6. September 2014 Thema abonnieren
 Von 
JonnaK
Status:
Frischling
(1 Beiträge, 0x hilfreich)
Gemeinsames Sorgerecht verhindern

Hallo,

meine Tochter ist nun 2 1/2 Wochen alt, mit dem Kindsvater (unverheiratet) bin ich seit Anfang der Schwangerschaft nicht mehr zusammen, da er das Kind nicht wollte und er mich samt seiner Familie (kurdischer Abstammung) derart psychisch unter Druck gesetzt hat, dass ich während der Schwangerschaft einige Nervenzusammenbrüche hatte.

Nun sieht es folgendermaßen aus, dass er nun doch Interesse an seinem Kind zeigt, was ich auch gut finde, da es trotz allem auch Kontakt zu seinem Vater haben sollte. Allerdings hält er sich absolut nicht an Absorachen, interessiert sich nicht für meine Meinung und meine Wünsche. Einen Tag nach der Geburt kam er beispielsweise samt ganzer Familie ins Krankenhaus, obwohl ich ihn ein paar mal gebeten hatte alleine zu kommen, da ich noch nicht so viel Besuch wollte. Dasselbe ist vor 2 Tagen nun auch zu Hause vorgefallen. Des Weiteren habe ich ihn gebeten, keine Fotos von der Kleinen im Internet zu veröffentlichen, was er abermals ignoriert und sie in sozialen Netzwerken zur Schau stellt. Ansonsten kümmert er sich um nichts, unterstützt mich weder finanziell, materiell oder bei Dingen, die geregelt werden müssen.

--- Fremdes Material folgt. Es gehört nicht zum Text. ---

(* Let $M,n\geq 3$ be integers with $n$ odd, and let $\beta$ be an integer with $0\leq\beta\leq n$ and $\beta\neq 1$. Then $(n-\beta,\beta)\in \mathrm{HWP}(C_M[n];M,Mn)$; that is, $C_M[n]$ can be factorized into $n-\beta$ $C_M$-factors and $\beta$ $C_{Mn}$-factors.
   Context: $C_M[n]$ denotes the lexicographic product of the $M$-cycle with the empty graph on $n$ vertices: vertex set $\mathbb Z_M\times\mathbb Z_n$, with $(i,x)(j,y)$ an edge iff $j-i\equiv\pm1\pmod M$. A $C_k$-factor of a graph $G$ is a spanning subgraph of $G$ all of whose components are cycles of length $k$. For a graph $G$ and integers $M,N\ge3$, $\mathrm{HWP}(G;M,N)$ is the set of pairs $(\alpha,\beta)$ of nonnegative integers such that $G$ admits a set of $\alpha$ $C_M$-factors and $\beta$ $C_N$-factors whose edge sets partition $E(G)$. *)

From mathcomp Require Import all_boot.
Set Implicit Arguments. Unset Strict Implicit. Unset Printing Implicit Defensive.

Section Graphs.
Variable V : finType.

(* A simple graph on V is given by a symmetric irreflexive relation g.
   Edges are represented as 2-element vertex sets {x, y}. *)
Definition edgeset (g : rel V) : {set {set V}} :=
  [set [set p.1; p.2] | p in [set p : V * V | g p.1 p.2]].

Definition cycle_edges (c : seq V) : {set {set V}} :=
  [set [set x; next c x] | x in c].

Definition is_kcycle (g : rel V) (k : nat) (c : seq V) : bool :=
  [&& size c == k, uniq c & cycle g c].

Definition Ck_factor (g : rel V) (k : nat) (F : {set {set V}}) : Prop :=
  exists cs : seq (seq V),
    all (is_kcycle g k) cs /\
    (forall v : V, count (fun c => v \in c) cs = 1) /\
    F = \bigcup_(c <- cs) cycle_edges c.
Lemma cone_up_partner_far (v z : 'I_n) : (half_n <= v)%N ->
  inCone k config (partner v) cone_up z -> z <> v -> 1 < d config (partner v) z.
Proof.
move=> hv [_ [rho [al [rho_gt0 [al_cone [e1 e2]]]]]] z_neq_v.
have [sal sal_beta] := sin_cone_up _ al_cone.
have sb := sin_beta_gt0; have cb := cos_beta_le0.
rewrite (config_low (partner_low hv)) /= in e1 e2.
have [hz|hz] := ltnP z half_n; first by rewrite (config_low hz) /= subrr in e2; nra.
rewrite (config_high hz) /= in e1 e2.
set X := (z - half_n)%:R * gap in e1 *; set Y := (v - half_n)%:R * gap in e1 *.
(* [sin (al - beta) >= 0]: [z] is on the left of the ray from [partner v]
   through [v], hence not to the right of [v]. *)
have X_le_Y : X - Y <= 0.
  have E1 : rho * cos al = X - Y + cos beta by rewrite -e1; ring.
  have E2 : rho * sin al = sin beta by rewrite -e2; ring.
  have E : rho * sin (al - beta) = - (X - Y) * sin beta.
    rewrite sinB (_ : rho * _ = rho * sin al * cos beta - rho * cos al * sin beta); last by ring.
    by rewrite E1 E2; ring.
  have := mulr_ge0 (ltW rho_gt0) sal_beta; rewrite E => ?; nra.
have X_neq_Y : X - Y != 0.
  by apply: contra_notN z_neq_v; rewrite subr_eq0 => /eqP/gap_mul_inj; apply: high_inj.
(* The squared distance is [1 + (X - Y)^2 + 2 (X - Y) cos beta]. *)
have XY_sq : 0 < (X - Y) ^+ 2 by rewrite exprn_even_gt0.
have := cos2Dsin2 beta => cs.
rewrite /d /dist (config_low (partner_low hv)) (config_high hz) /= -/X -/Y.
by rewrite -{1}sqrtr1 ltr_sqrt; nra.
Qed.

Lemma partner_EY (v : 'I_n) : (half_n <= v)%N -> EY k config (partner v) v.
Proof.
move=> hv; have dv := partner_dist hv.
split.
  split; last by rewrite dv.
  by move=> /(congr1 val) /=; have := half_n_gt0; lia.
exists cone_up; split.
  split; first exact: cone_up_lt.
  exists 1, beta; split; first exact: ltr01.
  split; first exact: beta_in_cone_up.
  by rewrite (config_low (partner_low hv)) (config_high hv) /=; split; ring.
move=> z _ z_cone; have [->|z_neq_v] := eqVneq z v; first exact: lexle_refl.
apply: lexle_lt_fst; rewrite !keyU_fst dv.
by apply: cone_up_partner_far => //; apply/eqP.
Qed.
(* The vertical section at x is the segment [1 - (c - t x) / (1 - t), 1]. *)
Lemma lebesgue_xsection_cost_le t c x : 0 < t < 1 -> 0 <= c <= t -> c <= 1 - t ->
  lebesgue_measure (xsection (unit_square `&` cost_le t c) x) =
  ((fun x => ((c - t * x) / (1 - t))%:E) \_ [set` `[0%R, c / t]]) x.
Proof.
move=> /andP[t0 t1] /andP[c0 ct] c1t; have t1' : 0 < 1 - t by rewrite subr_gt0.
rewrite patchE; case: ifPn; rewrite mem_setE in_itv /=.
- move=> /andP[x0 x_le]; pose d := (c - t * x) / (1 - t).
  have tx_le : t * x <= c by rewrite mulrC -ler_pdivlMr.
  have x1 : x <= 1 by apply: le_trans x_le _; rewrite ler_pdivrMr // mul1r.
  have d0 : 0 <= d by rewrite divr_ge0 ?subr_ge0 // ltW.
  have d1 : d <= 1 by rewrite ler_pdivrMr // mul1r; have := mulr_ge0 (ltW t0) x0; lra.
  have -> : xsection (unit_square `&` cost_le t c) x = [set` `[1 - d, 1]].
    apply/seteqP; split => y;
      rewrite /xsection /unit_square /cost_le /Cost /= inE /= !in_itv /=.
    + by case=> -[_ /andP[_ ->]]; rewrite andbT lerBlDl -lerBlDr ler_pdivlMr // mulrC; lra.
    + move=> /andP[dy y1]; rewrite x0 x1 y1; split; first by split => //; lra.
      by move: dy; rewrite lerBlDl -lerBlDr ler_pdivlMr // mulrC; lra.
  rewrite -/d lebesgue_measure_itv /= lte_fin; case: ifPn => [_ | ].
    by rewrite -EFinD; congr EFin; ring.
  by rewrite -leNgt => d_le0; congr EFin; lra.
- move=> x_out; rewrite [X in lebesgue_measure X](_ : _ = set0) ?measure0 //.
  apply/seteqP; split => y //.
  rewrite /xsection /unit_square /cost_le /Cost /= inE /= !in_itv /=.
  move=> -[[/andP[x0 x1] /andP[y0 y1]] cost_le_c]; apply: (negP x_out).
  have : 0 <= (1 - t) * (1 - y) by rewrite mulr_ge0 ?subr_ge0 // ltW.
  by rewrite x0 ler_pdivlMr // mulrC; lra.
Qed.

Lemma measure_cost_le t c : 0 < c <= t -> c <= 1 - t ->
  mu (unit_square `&` cost_le t c) = (c ^+ 2 / (2 * t * (1 - t)))%:E.
Proof.
move=> /andP[c0 ct] c1t.
have t0 : 0 < t by exact: lt_le_trans ct.
have t1 : t < 1 by rewrite -subr_gt0; exact: lt_le_trans c1t.
have t1' : 0 < 1 - t by rewrite subr_gt0.
have t01 : 0 < t < 1 by rewrite t0 t1.
have c0t : 0 <= c <= t by rewrite ltW.
have section x := lebesgue_xsection_cost_le t c x t01 c0t c1t.
rewrite [LHS]/product_measure1 /=.
under eq_integral do rewrite section.
rewrite -integral_mkcond.
pose P : {poly R} := (c / (1 - t)) *: 'X - (t / (2 * (1 - t))) *: 'X^2.
transitivity (\int[@lebesgue_measure R]_(x in `[0%R, (c / t)%R]) (P^`()).[x]%:E)%E.
  apply: eq_integral => x _; congr EFin.
  rewrite /P derivB !derivZ derivX derivXn !hornerE /=; field.
  by rewrite gt_eqF.
rewrite integral_deriv_poly ?divr_gt0 //; congr EFin.
rewrite /P !hornerE /=; field.
by rewrite !gt_eqF.
Qed.

(* At t = 0 or t = 1 the cost is 0 and the quotient below is the junk value 0 / 0 = 0. *)
Lemma lesser_area_cost t h k : 0 <= t <= 1 -> 0 <= Cost h k t <= t ->
  Cost h k t <= 1 - t ->
  lesser_area t h k = (1 - Cost h k t ^+ 2 / (2 * t * (1 - t)))%:E.
Proof.
move=> t01 /andP[c0 ct] c1t; rewrite lesser_area_measure EFinB.
have [c_gt0 | c_le0] := ltrP 0 (Cost h k t); first by rewrite measure_cost_le ?c_gt0.
have -> : Cost h k t = 0 by apply/eqP; rewrite eq_le c_le0 c0.
by rewrite measure_cost_le0 // expr0n /= mul0r.
Qed.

Nun meine Frage: Er ist noch nicht als Kindsvater eingetragen, hat aber schon einmal gesagt, dass er das gemeinsame Sorgerecht will. Bekommt er dieses automatisch, wenn er die Vaterschaft anerkennt? Oder müsste er das erst einklagen? Ich halte ein gemeinsames Sorgerecht bei uns für sehr problematisch, da wir absolut keine Kommunikationsbasis haben und ich ihm kein Stück mehr vertraue, da er sich pertu an nichts halten möchte, was ich sage. Er möchte sich um nichts kümmern, aber einfach seine Rechte haben... Ich denke es wäre auch für meine Tochter ein tierischer Stressfaktor, wenn wir ständig Streit haben und uns in keinen Dingen einigen können. Auch die Kulturunterschiede würden dabei Schwierigkeiten erzeugen. Wie stehen die Chancen, dass ich das alleinige Sorgerecht behalten kann?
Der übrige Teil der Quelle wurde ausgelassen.